Whether they received preferential treatment to Sheffield United, who fulfilled their fixture at Burnley despite a significant Covid outbreak.

These suggestions are probably untrue but, without transparency, we are unsure. Jose Mourinho was fully entitled to sarcastically scoff about the “best league in the world” in an Instagram post.

It came four hours before Wednesday’s scheduled kick-off time, as his Spurs players waited in a hotel to hear whether or not they would be playing Fulham.

There are likely to be many similar scenarios in the coming weeks and months.

Aston Villa v Newcastle fell foul of Covid earlier in December and there will surely be more to come.

Before this season began, there was always a serious threat of a second spike in Covid-19 cases.

Yet all of football’s governing bodies — not just the Premier League — chose to ignore this distinct possibility and pack the fixture list to ensure they got hold of every penny of broadcast money.

The League Cup and the Uefa Nations League should have been scrapped to give domestic leagues the best chance of completion.

The fact there is virtually no wriggle room in the schedule leads to a desperation to avoid postponements, which results in panic-stricken decision-making.

And it was utter negligence for Premier League clubs to start this season without having reached agreements over what would happen in the event of a curtailment.

Especially after months of wrangling on the issue before Project Restart back in June.

God, spare us a repeat of all that.

Now football finds itself in a complex moral maze.

Talk of a two or three-week “circuit-breaker” is likely to be a red herring.
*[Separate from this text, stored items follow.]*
(* Let $H$ be a graph and let $G$ be the graph obtained from $H$ by subdividing every edge of $H$ exactly twice (i.e., replacing each edge $xy$ of $H$ by a path $x\,a\,b\,y$ with two new internal vertices $a,b$). Let $m=|E(G)|$. Then ${\rm I}_e(G) \geq \frac{1}{3}m$.
   Context: All graphs are finite and simple. A graph is locally irregular if no two adjacent vertices have the same degree. For a graph $G$, an edge-irregulator of $G$ is a set $S\subseteq E(G)$ such that $G-S$ (the graph obtained by deleting the edges of $S$, keeping all vertices) is locally irregular. ${\rm I}_e(G)$ denotes the minimum cardinality of an edge-irregulator of $G$. *)

From mathcomp Require Import all_boot.
Set Implicit Arguments. Unset Strict Implicit. Unset Printing Implicit Defensive.

(* A finite simple graph on a finType T is given by a symmetric irreflexive
   adjacency relation adj : rel T. *)

Section General.
Variables (T : finType) (adj : rel T).

Definition edges : {set {set T}} :=
  [set E | [exists u, exists v, adj u v && (E == [set u; v])]].

Definition deg_minus (S : {set {set T}}) (u : T) : nat :=
  #|[set v | adj u v & [set u; v] \notin S]|.

Definition locally_irregular_minus (S : {set {set T}}) : bool :=
  [forall u, forall v, (adj u v && ([set u; v] \notin S)) ==>
                       (deg_minus S u != deg_minus S v)].

Definition edge_irregulator (S : {set {set T}}) : bool :=
  (S \subset edges) && locally_irregular_minus S.

(* I_e(G): minimum cardinality of an edge-irregulator (E(G) itself is one). *)
Definition Ie : nat :=
  \big[minn/#|edges|]_(S : {set {set T}} | edge_irregulator S) #|S|.

End General.

Section Subdivision.
Variables (V : finType) (e : rel V).

(* Vertices of the graph obtained from H = (V, e) by subdividing every edge
   twice: the original vertices (inl x), and for every edge xy of H the two
   internal vertices (x,y) (the one adjacent to x) and (y,x) (the one adjacent
   to y), so the edge xy becomes the path x - (x,y) - (y,x) - y. *)
Definition sub2_vertex : finType := (V + {p : V * V | e p.1 p.2})%type.

Definition sub2_adj : rel sub2_vertex := fun a b =>
  match a, b with
  | inl x, inr p => (val p).1 == x
  | inr p, inl x => (val p).1 == x
  | inr p, inr q => val q == ((val p).2, (val p).1)
  | inl _, inl _ => false
  end.

End Subdivision.

From mathcomp Require Import all_boot.

(* Each edge xy of H becomes a path x - a - b - y of G whose inner vertices a
   and b have degree 2 in G.  If an edge-irregulator S missed all three edges
   of this path, a and b would be adjacent in G - S with degree 2 each; so S
   meets every such path.  These paths partition E(G) into blocks of three
   edges, hence |E(G)| <= 3 |S|. *)

Set Implicit Arguments.
Unset Strict Implicit.
Unset Printing Implicit Defensive.

Section Ie.
Variables (T : finType) (adj : rel T).

Lemma edges_irregulator : edge_irregulator adj (edges adj).
Proof.
rewrite /edge_irregulator subxx /=; apply/forallP => u; apply/forallP => v.
apply/implyP => /andP [uv]; apply: contraNT => _.
by rewrite inE; apply/existsP; exists u; apply/existsP; exists v; rewrite uv eqxx.
Qed.

Lemma Ie_attained : exists2 S, edge_irregulator adj S & #|S| = Ie adj.
Proof.
rewrite /Ie; apply: (big_ind (fun n => exists2 S, edge_irregulator adj S & #|S| = n)).
- by exists (edges adj); first exact: edges_irregulator.
- by move=> m n [S irrS <-] [R irrR <-]; rewrite /minn; case: ltnP; [exists S | exists R].
- by move=> S irrS; exists S.
Qed.

End Ie.

Section Subdivision.
Variables (V : finType) (e : rel V) (e_sym : symmetric e).

Local Notation G := (@sub2_adj V e).
Local Notation arc := {p : V * V | e p.1 p.2}.

Definition flip (p : arc) : arc :=
  exist _ ((val p).2, (val p).1) (etrans (e_sym _ _) (valP p)).

Lemma flipK : involutive flip.
Proof. by case=> [[x y] xy]; apply: val_inj. Qed.

Definition leg (p : arc) : {set sub2_vertex e} := [set inl (val p).1; inr p].
Definition middle (p : arc) : {set sub2_vertex e} := [set inr p; inr (flip p)].

Definition sub2_path (p : arc) : {set {set sub2_vertex e}} :=
  [set leg p; middle p; leg (flip p)].

Definition sub2_paths := [set sub2_path p | p : arc].

Lemma middle_flip p : middle (flip p) = middle p.
Proof. by rewrite /middle flipK setUC. Qed.

Lemma sub2_path_flip p : sub2_path (flip p) = sub2_path p.
Proof.
apply/setP => E; rewrite !inE flipK middle_flip.
by case: (E == leg p); case: (E == middle p); case: (E == leg (flip p)).
Qed.

Lemma card_sub2_path p : #|sub2_path p| <= 3.
Proof.
rewrite /sub2_path; apply: leq_trans (leq_card_setU _ _).1 _.
by rewrite cards1 cards2 addn1 ltnS; case: (_ != _).
Qed.

Lemma sub2_adj_inr p v : G (inr p) v = (v == inl (val p).1) || (v == inr (flip p)).
Proof.
case: v => [x|q] /=; first by rewrite orbF eq_sym; apply/eqP/eqP => [<-|[]].
apply/eqP/eqP => [qE|[->]] //; congr inr; exact: val_inj.
Qed.

Lemma deg_minus_inr (S : {set {set sub2_vertex e}}) p :
  leg p \notin S -> middle p \notin S -> deg_minus G S (inr p) = 2.
Proof.
move=> legS midS.
rewrite /deg_minus (_ : [set v | _] = [set inl (val p).1; inr (flip p)]) ?cards2 //.
apply/setP => v; rewrite !inE sub2_adj_inr.
case: eqP => [->|_] /=; first by rewrite setUC.
by case: eqP => [->|_].
Qed.

Lemma edge_irregulator_meets_sub2_path p S :
  edge_irregulator G S -> exists2 E, E \in sub2_path p & E \in S.
Proof.
move=> /andP[_ /forallP/(_ (inr p))/forallP/(_ (inr (flip p)))/implyP irrS].
have [legS|legS] := boolP (leg p \in S); first by exists (leg p); rewrite ?inE ?eqxx.
have [midS|midS] := boolP (middle p \in S).
  by exists (middle p); rewrite ?inE ?eqxx ?orbT.
have [legS'|legS'] := boolP (leg (flip p) \in S).
  by exists (leg (flip p)); rewrite ?inE ?eqxx ?orbT.
have midS' : middle (flip p) \notin S by rewrite middle_flip.
by move: irrS; rewrite /= eqxx midS deg_minus_inr // deg_minus_inr // => /(_ isT).
Qed.

Lemma edge_of_sub2_path_inr p (E : {set sub2_vertex e}) :
  E \in sub2_path p -> (inr p \in E) || (inr (flip p) \in E).
Proof. by rewrite !inE => /orP[/orP[]|] /eqP->; rewrite !inE ?eqxx ?orbT. Qed.

Lemma inr_edge_of_sub2_path q r (E : {set sub2_vertex e}) :
  inr r \in E -> E \in sub2_path q -> (r == q) || (r == flip q).
Proof.
move=> rE; rewrite !inE => /orP[/orP[]|] /eqP Edef; move: rE;
  rewrite Edef !inE /= ?(inj_eq inr_inj); by case: (r == q); case: (r == flip q).
Qed.

Lemma sub2_paths_trivI : trivIset sub2_paths.
Proof.
apply/trivIsetP => _ _ /imsetP[p _ ->] /imsetP[q _ ->]; apply: contraR.
case/pred0Pn => E /andP[/edge_of_sub2_path_inr pE qE]; apply/eqP.
case/orP: pE; last rewrite -[sub2_path p]sub2_path_flip;
  by move=> /inr_edge_of_sub2_path/(_ qE)/orP[]/eqP->; rewrite ?sub2_path_flip.
Qed.

Lemma sub2_edges_subset_cover : edges G \subset cover sub2_paths.
Proof.
apply/subsetP => E; rewrite inE => /existsP[[x|p] /existsP[[y|q] /andP[/= uv /eqP->]]] //.
- by apply/bigcupP; exists (sub2_path q); [exact: imset_f | rewrite -(eqP uv) !inE eqxx].
- apply/bigcupP; exists (sub2_path p); first exact: imset_f.
  by rewrite -(eqP uv) setUC !inE eqxx.
- have -> : q = flip p by apply: val_inj; exact/eqP.
  by apply/bigcupP; exists (sub2_path p); [exact: imset_f | rewrite !inE eqxx orbT].
Qed.

(* The paths are pairwise disjoint, so pblock maps S onto all of them. *)
Lemma card_sub2_paths_le S : edge_irregulator G S -> #|sub2_paths| <= #|S|.
Proof.
move=> irrS; apply: leq_trans (leq_imset_card (pblock sub2_paths) S).
apply/subset_leq_card/subsetP => _ /imsetP[p _ ->].
have [E pE ES] := edge_irregulator_meets_sub2_path p irrS.
by apply/imsetP; exists E; rewrite // (def_pblock sub2_paths_trivI _ pE) ?imset_f.
Qed.

Lemma card_sub2_edges_le S : edge_irregulator G S -> #|edges G| <= 3 * #|S|.
Proof.
move=> irrS; apply: leq_trans (_ : _ <= 3 * #|sub2_paths|) _; last first.
  by rewrite leq_mul2l card_sub2_paths_le ?orbT.
apply: leq_trans (subset_leq_card sub2_edges_subset_cover) _.
apply: leq_trans (leq_card_cover _).1 _; rewrite mulnC -sum_nat_const.
by apply: leq_sum => _ /imsetP[p _ ->]; exact: card_sub2_path.
Qed.

End Subdivision.

Theorem theorem1 (V : finType) (e : rel V)
  (e_sym : symmetric e) (e_irr : irreflexive e) :
  #|edges (@sub2_adj V e)| <= 3 * Ie (@sub2_adj V e).
Proof.
have [S irrS <-] := Ie_attained (@sub2_adj V e).
exact: (card_sub2_edges_le e_sym irrS).
Qed.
There is no guarantee it would be effective.

So should professional footballers be vaccinated against Covid sooner rather than later?
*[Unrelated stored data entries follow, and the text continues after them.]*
Lemma boxsum_half_pow (N : nat) :
  boxsum (G := R_AbelianMonoid)
    (fun m n => (1 / 2) ^ Z.abs_nat m * (1 / 2) ^ Z.abs_nat n) N <= 16.
Proof.
  unfold boxsum, dsum.
  apply Rle_trans with
    (sum_n (fun i => 4 * (1 / 2) ^ Z.abs_nat (Z.of_nat i - Z.of_nat N)) (2 * N)).
  - apply sum_n_le_loc; intros i _.
    rewrite (sum_n_mult_l (K := R_Ring)). change mult with Rmult.
    rewrite Rmult_comm. apply Rmult_le_compat_r.
    + left; apply half_pow_pos.
    + apply sum_n_half_pow_dist.
  - rewrite (sum_n_mult_l (K := R_Ring)). change mult with Rmult.
    apply Rle_trans with (4 * 4); [|lra].
    apply Rmult_le_compat_l; [lra | apply sum_n_half_pow_dist].
Qed.

Lemma boxsum_dirac (A : C) (m0 n0 : Z) (N : nat) :
  (Z.abs m0 <= Z.of_nat N)%Z -> (Z.abs n0 <= Z.of_nat N)%Z ->
  boxsum (fun m n => if ((m =? m0) && (n =? n0))%Z%bool then A else RtoC 0) N = A.
Proof.
  intros Hm Hn. unfold boxsum, dsum.
  rewrite (sum_n_dirac _ (Z.to_nat (m0 + Z.of_nat N))); [| lia |].
  - rewrite (sum_n_dirac _ (Z.to_nat (n0 + Z.of_nat N))); [| lia |].
    + now rewrite !Z2Nat.id, !Z.add_simpl_r, !Z.eqb_refl by lia.
    + intros q Hq. rewrite Z2Nat.id, Z.add_simpl_r, Z.eqb_refl by lia.
      destruct (Z.eqb_spec (Z.of_nat q - Z.of_nat N) n0); [lia | easy].
  - intros q Hq. unfold sum_n. rewrite <- (sum_n_m_const_zero 0 (2 * N)).
    apply sum_n_m_ext; intro j.
    destruct (Z.eqb_spec (Z.of_nat q - Z.of_nat N) m0); [lia | easy].
Qed.

Definition limC (P : nat -> C) : C :=
  (real (Lim_seq (fun N => Re (P N))), real (Lim_seq (fun N => Im (P N)))).

Lemma theta_limC (alpha beta : vec) (tau : C) (z : vec) :
  theta alpha beta tau z = limC (theta_partial alpha beta tau z).
Proof. reflexivity. Qed.

(* Infinite limits have real part [0], as does the undefined product [Rbar_mult p_infty 0]. *)
Lemma real_Rbar_mult (l : Rbar) (F : R) : real (Rbar_mult l (Finite F)) = real l * F.
Proof.
  destruct l as [r| |]; simpl; [reflexivity| |];
    unfold Rbar_mult; simpl; destruct Rle_dec; try destruct Rle_lt_or_eq_dec; simpl; ring.
Qed.

Lemma limC_mult_r (P : nat -> C) (F : R) :
  (limC P * RtoC F)%C = limC (fun N => P N * RtoC F)%C.
Proof.
  unfold limC. rewrite (Lim_seq_ext (fun N => Re (P N * RtoC F)) (fun N => Re (P N) * F))
    by (intro; apply re_scal_r).
  rewrite (Lim_seq_ext (fun N => Im (P N * RtoC F)) (fun N => Im (P N) * F))
    by (intro; apply im_scal_r).
  rewrite !Lim_seq_scal_r, !real_Rbar_mult.
  apply injective_projections; simpl; ring.
Qed.

Lemma real_Lim_seq_bound (u : nat -> R) (L e : R) (N0 : nat) :
  (forall N, (N0 <= N)%nat -> Rabs (u N - L) <= e) -> Rabs (real (Lim_seq u) - L) <= e.
Proof.
  intros H.
  assert (Hup : Rbar_le (Lim_seq u) (Lim_seq (fun _ => L + e))).
  { apply Lim_seq_le_loc. exists N0. intros N HN.
    specialize (H N HN). apply Rabs_le_between in H. lra. }
  assert (Hlow : Rbar_le (Lim_seq (fun _ => L - e)) (Lim_seq u)).
  { apply Lim_seq_le_loc. exists N0. intros N HN.
    specialize (H N HN). apply Rabs_le_between in H. lra. }
  rewrite Lim_seq_const in Hup, Hlow.
  destruct (Lim_seq u) as [r| |]; simpl in *; try contradiction.
  apply Rabs_le; lra.
Qed.

Lemma limC_bound (P : nat -> C) (T : C) (e : R) (N0 : nat) :
  (forall N, (N0 <= N)%nat -> Cmod (P N - T) <= e) -> Cmod (limC P - T) <= 2 * e.
Proof.
  intros H.
  assert (Hre : Rabs (real (Lim_seq (fun N => Re (P N))) - Re T) <= e).
  { apply real_Lim_seq_bound with N0. intros N HN.
    eapply Rle_trans; [|apply (H N HN)].
    eapply Rle_trans; [apply Rmax_l | apply (Rmax_Cmod (P N - T)%C)]. }
  assert (Him : Rabs (real (Lim_seq (fun N => Im (P N))) - Im T) <= e).
  { apply real_Lim_seq_bound with N0. intros N HN.
    eapply Rle_trans; [|apply (H N HN)].
    eapply Rle_trans; [apply Rmax_r | apply (Rmax_Cmod (P N - T)%C)]. }
  assert (Hsqrt2 : sqrt 2 <= 2).
  { rewrite <- (sqrt_square 2) at 2 by lra. apply sqrt_le_1_alt. lra. }
  set (w := (limC P - T)%C).
  assert (Hmax : Rmax (Rabs (fst w)) (Rabs (snd w)) <= e) by (apply Rmax_lub; assumption).
  pose proof (Rmax_l (Rabs (fst w)) (Rabs (snd w))). pose proof (Rabs_pos (fst w)).
  pose proof (sqrt_pos 2).
  eapply Rle_trans; [apply Cmod_2Rmax|]. nra.
Qed.

(** * Concentration of box sums *)

Lemma half_pow_le_shift (a K C0 : nat) :
  (a <= K + C0)%nat -> (1 / 2) ^ K <= 2 ^ C0 * (1 / 2) ^ a.
Proof.
  intros H.
  assert (Hanti : (1 / 2) ^ (K + C0) <= (1 / 2) ^ a).
  { replace (K + C0)%nat with (a + (K + C0 - a))%nat by lia. rewrite pow_add.
    pose proof (half_pow_pos a). pose proof (half_pow_le_1 (K + C0 - a)). nra. }
  assert (Hinv : 2 ^ C0 * (1 / 2) ^ C0 = 1).
  { rewrite <- Rpow_mult_distr. replace (2 * (1 / 2)) with 1 by field. apply pow1. }
  rewrite pow_add in Hanti. pose proof (pow_lt 2 C0 ltac:(lra)).
  replace ((1 / 2) ^ K) with (2 ^ C0 * ((1 / 2) ^ K * (1 / 2) ^ C0))
    by (transitivity ((2 ^ C0 * (1 / 2) ^ C0) * (1 / 2) ^ K); [|rewrite Hinv]; ring).
  apply Rmult_le_compat_l; lra.
Qed.

Lemma concentration_term_bound (ph : C) (s : R) (K C0 a : nat) :
  0 <= s <= 1 / 2 -> Cmod ph <= 1 -> (a <= K + C0)%nat ->
  Cmod (ph * RtoC (s ^ K) - (if (K =? 0)%nat then ph else RtoC 0))
  <= 2 * s * 2 ^ C0 * (1 / 2) ^ a.
Proof.
  intros Hs Hph Ha. pose proof (pow_lt 2 C0 ltac:(lra)). pose proof (half_pow_pos a).
  destruct K as [|k]; simpl Nat.eqb; cbv iota.
  - replace (ph * RtoC (s ^ 0) - ph)%C with (RtoC 0) by (simpl; ring).
    rewrite Cmod_0. apply Rmult_le_pos; [|lra]. apply Rmult_le_pos; lra.
  - replace (ph * RtoC (s ^ S k) - RtoC 0)%C with (ph * RtoC (s ^ S k))%C by ring.
    rewrite Cmod_mult, Cmod_R, Rabs_pos_eq by (apply pow_le; lra).
    assert (Hk : s ^ k <= (1 / 2) ^ k) by (apply pow_incr; lra).
    pose proof (half_pow_le_shift a (S k) C0 Ha) as Hshift. simpl in *.
    pose proof (pow_le s k ltac:(lra)).
    apply Rle_trans with (s * s ^ k).
    { rewrite <- (Rmult_1_l (s * s ^ k)) at 2. apply Rmult_le_compat_r; nra. }
    apply Rle_trans with (s * (1 / 2) ^ k); [apply Rmult_le_compat_l|]; nra.
Qed.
It won’t happen, as obvious accusations of queue-jumping would be bad PR.

Even though, in real terms, a few thousand premature jabs would make very little difference.

The sport’s high profile could be used positively to persuade those sceptical about being vaccinated that it is not only safe, but society’s only hope. As the Premier League ploughs on — without even discussing a shutdown — it can continue to state it is “following government advice”.

The advice of a government which has favoured blind optimism over reason at every turn since Covid began to threaten us 12 months ago.

In the wider world, there was plenty of opposition to Project Restart in June, even when infection rates were low. And plenty of genuine health concerns among players too.

It was heartening that last season was successfully completed, even behind closed doors.

But these are very different circumstances. Football in the middle of a severe Covid spike is not a good look.

You will never get a properly dispassionate view on the issue from those of us in the football media — we all want the show to go on.

Sports journalism and broadcasting without any actual sport is soul- destroying. We learned that between March and June.

But we must recognise that many of those who don’t follow football find its continuation weird, even abhorrent.

Plenty of match-going fans aren’t that bothered either. For many, watching matches on TV in empty stadia is a pale imitation of the game they love.

Yet with the grim prospect of complete lockdown throughout the frozen wastelands of January and February, the chance to watch a match is some small consolation for millions.

Football’s in a mess and hasn’t helped itself. But it remains something for many to cling to, even in desperate times.

IT IS a regular phenomenon at Christmas, rather than a specific Covid thing, but entertainment value in the last round of Premier League matches was desperately poor.

Besides West Brom, guided by Sam Allardyce, v Leeds there were just seven goals in seven games and too many players with tired minds and bodies.

In a ‘normal’ season, there could be one fewer round of matches over the festive season, with fixtures staggered out to satisfy TV, but with quality valued over quantity.

CHELSEA have one win in six games. Their £70million summer signing Kai Havertz has shown no signs of settling, while £48m Timo Werner is bombing after a promising start.

It is unclear whether boss Frank Lampard knows how to effectively employ either man.

Lose to Manchester City on Sunday and they will be sinking into mid-table.

After a summer spend of over £220m, that is simply not good enough.